On Mon, Sep 8, 2025 at 1:04 PM Ville Voutilainen
<ville.voutilai...@gmail.com> wrote:
>
> On Mon, 8 Sept 2025 at 13:54, Richard Biener <richard.guent...@gmail.com> 
> wrote:
> > That said, I see no point in std::observable_checkpoint to be represented
> > in the IL at all if all it is is to cater to FUD around what compilers might
> > think is a correct transform?
>
> It's not just to cater to FUD. I have seen Clang remove a complete CFG
> edge that lead to a non-return from
> a non-void function.

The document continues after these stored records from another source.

Lemma big_ord_eqS (R : Type) (idx : R) (op : Monoid.law idx) k a (x : R) :
  \big[op/idx]_(i < k) (if a == i.+1 then x else idx) =
  if (0 < a <= k)%N then x else idx.
Proof.
rewrite -big_mkcond (eq_bigl (fun i : 'I_k => (0 < a)%N && (i == a.-1 :> nat))).
  rewrite (big_ord1_cond_eq op (fun=> x) (fun=> 0 < a)%N).
  by congr (if _ then _ else _); lia.
by move=> i /=; lia.
Qed.

Lemma bump_succ a i : bump a i.+1 = ((bump a i).+1 + (a == i.+1))%N.
Proof. by rewrite /bump; lia. Qed.

Section DiffMatrix.
Variables (R : comRingType) (k : nat).

Definition shift_mx : 'M[R]_k.+1 := \matrix_(i, j) (i == j.+1 :> nat)%:R.
Definition diff_mx : 'M[R]_k.+1 := 1%:M - shift_mx.

Lemma det_diff_mx : \det diff_mx = 1.
Proof.
rewrite det_trig; last first.
  apply/is_trig_mxP => i j ij.
  by rewrite !mxE -val_eqE /= !ltn_eqF ?subrr // ltnW.
by rewrite big1 // => i _; rewrite !mxE eqxx ltn_eqF // subr0.
Qed.

Lemma mul_shift_mx m (A : 'M[R]_(k.+1, m)) i j :
  (shift_mx *m A) i j = if val i is i'.+1 then A (inord i') j else 0.
Proof.
rewrite mxE; case: i => [[|i'] /= lti].
  by rewrite big1 // => l _; rewrite mxE mul0r.
have i'k : (i' < k.+1)%N by apply: ltnW.
rewrite (bigD1 (inord i')) //= mxE inordK // eqxx mul1r big1 ?addr0 // => l.
move=> ne_l; rewrite mxE eqSS; case: eqP => [e|_]; last by rewrite mul0r.
by case/eqP: ne_l; apply: val_inj; rewrite /= inordK.
Qed.

Lemma mul_diff_mx m (A : 'M[R]_(k.+1, m)) i j :
  (diff_mx *m A) i j = A i j - (if val i is i'.+1 then A (inord i') j else 0).
Proof. by rewrite mulmxBl mul1mx -mul_shift_mx [LHS]mxE [X in _ + X]mxE. Qed.
End DiffMatrix.

Definition maxmin_mx (R : pzRingType) k (lo hi : nat -> R) : 'M[R]_k :=
  \matrix_(i, j) (hi (maxn i j) - lo (minn i j)).

Section MaxMinMatrix.
Variables (R : comRingType) (lo hi : nat -> R).

Lemma trmx_maxmin k : (maxmin_mx k lo hi)^T = maxmin_mx k lo hi.
Proof. by apply/matrixP => i j; rewrite !mxE maxnC minnC. Qed.

Lemma maxmin_mx_minor k (a : 'I_k.+1) :
  row' a (col' a (maxmin_mx k.+1 lo hi)) =
  maxmin_mx k (fun i => lo (bump a i)) (fun i => hi (bump a i)).
Proof.
apply/matrixP => i j; rewrite !mxE /=.
case: (leqP i j) => ij; first by rewrite (maxn_idPr _) ?(minn_idPl _) ?leq_bump2.
by rewrite (maxn_idPl _) ?(minn_idPr _) ?leq_bump2 // ltnW.
Qed.

Lemma mul_diff_maxmin_mx k (i j : 'I_k.+1) :
  (diff_mx R k *m maxmin_mx k.+1 lo hi) i j =
  if val i is i'.+1 then
    (if (j <= i')%N then hi i'.+1 - hi i' else - (lo i'.+1 - lo i'))
  else hi j - lo 0.
Proof.
rewrite mul_diff_mx !mxE.
case: i => [[|i'] /= lti]; first by rewrite max0n min0n subr0.
rewrite mxE inordK ?(ltnW lti) //; case: leqP => ji.
  by rewrite (maxn_idPl (leqW ji)) (minn_idPr (leqW ji)); ring.
by rewrite (maxn_idPr ji) (minn_idPl ji); ring.
Qed.

Lemma diff_maxmin_mx k :
  diff_mx R k *m maxmin_mx k.+1 lo hi *m (diff_mx R k)^T =
  block_mx (const_mx (hi 0 - lo 0) : 'M_1) (\row_(i < k) (hi i.+1 - hi i))
           (\col_(i < k) (hi i.+1 - hi i))
           (diag_mx (\row_(i < k) - (lo i.+1 - lo i + (hi i.+1 - hi i)))).
Proof.
rewrite -mulmxA -[maxmin_mx _ _ _ *m _]trmxK trmx_mul trmxK trmx_maxmin.
apply/matrixP => i j; rewrite -[i](@splitK 1 k) -[j](@splitK 1 k).
case: (@split 1 k i) => i0; case: (@split 1 k j) => j0 /=;
  rewrite ?[RHS]block_mxEul ?[RHS]block_mxEur ?[RHS]block_mxEdl ?[RHS]block_mxEdr.
all: rewrite mul_diff_mx ![(_ ^T) _ _]mxE !mul_diff_maxmin_mx !mxE ?ord1 /=.
all: rewrite ?[(_ ^T) _ _]mxE ?mul_diff_maxmin_mx /= ?(inordK (ltnW (ltn_ord _))).
all: rewrite ?subr0 ?add0n ?add1n //.
  ring.
case: (ltngtP i0 j0) => [lt|gt|/ord_inj <-].
- by rewrite subrr -val_eqE /= (ltn_eqF lt).
- by rewrite subrr -val_eqE /= (gtn_eqF gt).
- rewrite eqxx mulr1n; ring.
Qed.

Lemma map_maxmin_mx (S : comRingType) (f : {additive R -> S}) k :
  map_mx f (maxmin_mx k lo hi) =
  maxmin_mx k (fun i => f (lo i)) (fun i => f (hi i)).
Proof. by apply/matrixP => i j; rewrite !mxE raddfB. Qed.

End MaxMinMatrix.

Lemma det_block_schur (R : comRingType) m k (A : 'M[R]_m) (B : 'M_(m, k))
    (C : 'M_(k, m)) (D D' : 'M_k) :
  D *m D' = 1%:M -> \det (block_mx A B C D) = \det D * \det (A - B *m D' *m C).
Proof.
move=> DD'.
have elim_C : block_mx A B C D *m block_mx 1%:M 0 (- (D' *m C)) 1%:M
    = block_mx (A - B *m D' *m C) B 0 D.
  by rewrite mulmx_block !mulmx1 !mulmx0 !add0r !mulmxN !mulmxA DD' mul1mx addrN.
have := congr1 determinant elim_C.
by rewrite det_mulmx det_lblock !det1 !mulr1 det_ublock mulrC.
Qed.

Lemma det_maxmin_mx (F : fieldType) k (lo hi : nat -> F) :
  (forall i, (i < k)%N -> lo i.+1 - lo i + (hi i.+1 - hi i) != 0) ->
  \det (maxmin_mx k.+1 lo hi) =
  (\prod_(i < k) - (lo i.+1 - lo i + (hi i.+1 - hi i))) *
  (hi 0 - lo 0 +
   \sum_(i < k) (hi i.+1 - hi i) ^+ 2 / (lo i.+1 - lo i + (hi i.+1 - hi i))).
Proof.
move=> d_neq0.
have -> : \det (maxmin_mx k.+1 lo hi) =
          \det (diff_mx F k *m maxmin_mx k.+1 lo hi *m (diff_mx F k)^T).
  by rewrite !det_mulmx det_tr det_diff_mx mul1r mulr1.
rewrite diff_maxmin_mx (@det_block_schur _ 1 k _ _ _ _
    (diag_mx (\row_(i < k) (- (lo i.+1 - lo i + (hi i.+1 - hi i)))^-1))).
  rewrite det_diag det_mx11 mul_mx_diag !mxE -sumrN.
  by congr (_ * (_ + _)); apply: eq_bigr => i _; rewrite !mxE // invrN; ring.
apply/matrixP => i j; rewrite mul_diag_mx !mxE.
by rewrite mulrnAr mulfV // oppr_eq0 d_neq0.
Qed.

Definition B_lo (k : nat) : nat := k./2.
Definition B_hi (k : nat) : nat := k./2 + 1 + odd k.

Lemma D_Pn_maxmin n :
  D_Pn n = maxmin_mx (2 * n - 3) (fun q => (B_lo q)%:Z) (fun q => (B_hi q)%:Z).
Proof.
suff dist_B (x y : 'I_(2 * n - 3)) : (x <= y)%N ->
    steiner_dist (@path_rel n) (B_elt x :|: B_elt y) = (B_hi y - B_lo x)%N.
  apply/matrixP => x y; rewrite !mxE.
  have [xy | /ltnW yx] := leqP x y; [rewrite dist_B // | rewrite setUC dist_B //];
    by rewrite subzn // /B_lo /B_hi; lia.
move=> xy.
have lo_x : (B_lo x < n)%N by have := ltn_ord x; rewrite /B_lo; lia.
have hi_y : (B_hi y < n)%N by have := ltn_ord y; rewrite /B_hi; lia.
apply: (@steiner_dist_path n _ (Ordinal lo_x) (Ordinal hi_y)).
- by rewrite !inE /B_lo /= eqxx.
- by rewrite !inE /B_hi /= eqxx !orbT.
by move=> z; rewrite !inE /B_lo /B_hi /= => /orP [] /orP [] /eqP ->; lia.
Qed.

Lemma degree_path_eq1 n (x : 'I_n) : (1 < n)%N ->
  (degree (@path_rel n) x == 1)%N = (x == 0 :> nat) || (x == n.-1 :> nat).
Proof.
move=> n_gt1; rewrite /degree; have x_lt := ltn_ord x.
have [end_x | inner_x] := boolP ((x == 0 :> nat) || (x == n.-1 :> nat)).
  have nb_lt : ((if x == 0 :> nat then 1 else n.-2) < n)%N by case: ifP; lia.
  apply/eqP/(eq_card1 (x := Ordinal nb_lt)) => y; have := ltn_ord y.
  by rewrite !inE /path_rel -val_eqE /=; case: ifP => x0 y_lt; apply/idP/idP; lia.
have pred_lt : (x.-1 < n)%N by lia.
have succ_lt : (x.+1 < n)%N by lia.
have nbs : [set Ordinal pred_lt; Ordinal succ_lt] \subset [set y | path_rel x y].
  by apply/subsetP => y; rewrite !inE -!val_eqE /path_rel /=; lia.
have := subset_leq_card nbs; rewrite cards2 -val_eqE /= (_ : x.-1 == x.+1 = false).
  by case: #|_| => [|[|m]].
by lia.
Qed.

Lemma pendant_edge_B n (a : 'I_(2 * n - 3)) : (3 <= n)%N ->
  pendant_edge (@path_rel n) (B_elt a) =
  (a == 0 :> nat) || (a == (2 * n - 4)%N :> nat).
Proof.
move=> n_ge3; have a_lt := ltn_ord a; apply/idP/idP.
  case/existsP => x /existsP [y /and3P [/eqP aE xy]].
  rewrite !degree_path_eq1 ?(ltnW n_ge3) //.
  have : x \in B_elt a by rewrite aE !inE eqxx.
  have : y \in B_elt a by rewrite aE !inE eqxx orbT.
  have := ltn_ord x; have := ltn_ord y.
  by move: xy; rewrite /B_elt !inE /path_rel; lia.
move=> a_end.
have x_lt : ((if a == 0 :> nat then 0 else n.-2) < n)%N by case: ifP; lia.
have y_lt : ((if a == 0 :> nat then 1 else n.-1) < n)%N by case: ifP; lia.
apply/existsP; exists (Ordinal x_lt); apply/existsP; exists (Ordinal y_lt).
rewrite !degree_path_eq1 ?(ltnW n_ge3) // /path_rel /=; apply/and3P; split.
- apply/eqP/setP => z; rewrite !inE -!val_eqE /=; have := ltn_ord z.
  by case: ifP => a0 z_lt; apply/idP/idP; lia.
- by case: ifP; lia.
- by case: ifP; lia.
Qed.

Lemma B_lo_add_hi q : (B_lo q + B_hi q = q.+1)%N.
Proof. by rewrite /B_lo /B_hi; lia. Qed.

Lemma B_hi_bump_succ a i :
  B_hi (bump a i.+1) = (B_hi (bump a i) + ((a == i.+1) || ~~ odd (bump a i)))%N.
Proof. by rewrite /B_hi /bump; lia. Qed.

Lemma det_B_minor (F : numFieldType) n' (a : 'I_(n'.*2.+3)) :
  \det (row' a (col' a
    (maxmin_mx n'.*2.+3 (fun q => (B_lo q)%:R : F) (fun q => (B_hi q)%:R)))) =
  - (if (a == 0 :> nat) || (a == n'.*2.+2 :> nat) then n'.+2 else n'.*2.+3)%:R.
Proof.
rewrite maxmin_mx_minor /=.
set L := fun i => (B_lo (bump a i))%:R : F.
set H := fun i => (B_hi (bump a i))%:R : F.
have gap_E i :
    L i.+1 - L i + (H i.+1 - H i) = if a == i.+1 :> nat then 2 else 1.
  have e : (B_lo (bump a i.+1) + B_hi (bump a i.+1) =
            B_lo (bump a i) + B_hi (bump a i) + (1 + (a == i.+1 :> nat)))%N.
    by rewrite !B_lo_add_hi bump_succ; lia.
  rewrite addrACA -opprD -!natrD e natrD addrC addKr.
  by case: (a == i.+1 :> nat).
have sq_E i : (H i.+1 - H i) ^+ 2 / (L i.+1 - L i + (H i.+1 - H i)) =
              H i.+1 - H i - (if a == i.+1 :> nat then 2^-1 else 0).
  rewrite gap_E /H B_hi_bump_succ natrD addrAC subrr add0r.
  by case: (a == i.+1 :> nat); case: (odd _) => /=; field.
rewrite det_maxmin_mx => [|i _];
  last by rewrite gap_E; case: ifP; rewrite ?oner_eq0 ?pnatr_eq0.
under eq_bigr do rewrite gap_E.
under [X in _ * (_ + X)]eq_bigr do rewrite sq_E.
rewrite prodrN card_ord big_ord_eqS sumrB big_ord_eqS.
rewrite -(big_mkord xpredT (fun i => H i.+1 - H i)) telescope_sumr //.
have H_last : H n'.*2.+1 = n'.+2%:R.
  by rewrite /H (_ : B_hi _ = n'.+2) // /B_hi /bump; lia.
have L_0 : L 0 = 0 by rewrite /L (_ : B_lo _ = 0) // /B_lo /bump; lia.
have -> : (a == 0 :> nat) || (a == n'.*2.+2 :> nat) = ~~ (0 < a <= n'.*2.+1)%N.
  by have := ltn_ord a; lia.
rewrite H_last L_0 -signr_odd /= odd_double expr1.
case: (0 < a <= _)%N => /=.
  by rewrite -[n'.*2.+3]/(3 + n'.*2)%N -[n'.+2]/(2 + n')%N -muln2 !natrD natrM; field.
ring.
Qed.

Theorem theorem5p13 (n : nat) (hn : (3 <= n)%N) (a : 'I_(2 * n - 3)%N) :
  \det (row' a (col' a (D_Pn n))) =
  (if pendant_edge (@path_rel n) (B_elt a) then - (n%:Z - 1)
   else - (2 * n%:Z - 3)).
Proof.
have dim_E : (2 * n - 3 = (n - 3).*2.+3)%N by lia.
have end_E : (2 * n - 4 = (n - 3).*2.+2)%N by lia.
have -> : (if pendant_edge (@path_rel n) (B_elt a) then - (n%:Z - 1)
           else - (2 * n%:Z - 3)) =
    - (if pendant_edge (@path_rel n) (B_elt a) then (n - 3).+2
       else (n - 3).*2.+3)%:Z.
  by case: ifP; lia.
rewrite pendant_edge_B // end_E; apply: (@intr_inj rat).
rewrite -det_map_mx map_row' map_col' D_Pn_maxmin map_maxmin_mx rmorphN /=.
by move: a; rewrite dim_E => a; rewrite det_B_minor.
Qed.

If observable_checkpoint works correctly, the
> debug prints my junior colleague added trying
> to see how the execution flows would've worked when used with the
> checkpoint, whereas clang happily
> removed them along with everything else on that CFG edge proven to
> lead to UB. I am unable to find
> any specification rationale that would make such a transformation
> incorrect, and with observable_checkpoint,
> that situation changes.

So the situation is sth like

int foo ()
{
  printf ("what?");
}

that was optimized away completely by clang and you want to fix that with

int foo ()
{
  printf ("what?");
  std::observable_checkpoint ();
}

?  But this is again a clang bug.  printf could call
std::observable_checkpoint () itself, no?
Even if clang can conclude that printf("what?") always will return
normally there's a
side-effect to be preserved (printing 'what?').

If this isn't the actual testcase, can you share it?  I do not see
clang (version 19)
optimizing away the printf in the above testcase.

Thanks,
Richard.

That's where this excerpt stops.